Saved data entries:
(* Let $(T,\mathcal{F},\mu)$ be a non-atomic measure space with $0<\mu(T)<+\infty$, $E$ a real Banach space, and $f,g:E\to\mathbb{R}$ two functions, with $f$ lower semicontinuous and $g$ continuous, satisfying $$\sup_E f<+\infty,\quad \inf_E g=-\infty,\quad \sup_E g=+\infty$$ and $$\max\left\{\sup_{x\in E}\frac{|f(x)|}{1+\|x\|^p},\ \sup_{x\in E}\frac{|g(x)|}{1+\|x\|^p}\right\}<+\infty$$ for some $p\geq 1$. Assume that $f$ has at most one global minimum and that no zero of $g$ is a global minimum of $f$. For each $u\in L^p(T,E)$ set $$J(u)=\int_T f(u(t))\,d\mu+\left(\int_T g(u(t))\,d\mu\right)^2.$$ Then the restriction of $J$ to any decomposable subset of $L^p(T,E)$ containing the constant functions has no global minima.
   Context: $L^p(T,E)$ denotes the space of all (equivalence classes of) strongly $\mu$-measurable functions $u:T\to E$ with $\int_T\|u(t)\|^p\,d\mu<+\infty$, normed by $\|u\|=(\int_T\|u(t)\|^p d\mu)^{1/p}$. A set $D\subseteq L^p(T,E)$ is decomposable if for every $u,v\in D$ and every $A\in\mathcal{F}$ the function $t\mapsto \chi_A(t)u(t)+(1-\chi_A(t))v(t)$ belongs to $D$, where $\chi_A$ is the characteristic function of $A$. *)

From HB Require Import structures.
From mathcomp Require Import all_boot all_order all_algebra.
From mathcomp Require Import all_classical all_reals all_analysis.
Set Implicit Arguments. Unset Strict Implicit. Unset Printing Implicit Defensive.
Import Order.TTheory GRing.Theory Num.Theory.
Import numFieldNormedType.Exports.
Local Open Scope classical_set_scope.
Local Open Scope ring_scope.

Section defs.
Context {R : realType} {d : measure_display} {T : measurableType d}.
Variable mu : {measure set T -> \bar R}.

Definition nonatomic : Prop :=
  forall A, measurable A -> (0 < mu A)%E ->
    exists B, [/\ measurable B, B `<=` A, (0 < mu B)%E & (mu B < mu A)%E].

Definition simple_fun {E : normedModType R} (s : T -> E) : Prop :=
  finite_set (range s) /\ forall x : E, measurable (s @^-1` [set x]).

YOUR OBJECTIVE: Search the entries for the string "Open" and collect each line that has it.

RESPONSE FOR THIS EXERCISE:
Local Open Scope classical_set_scope.
Local Open Scope ring_scope.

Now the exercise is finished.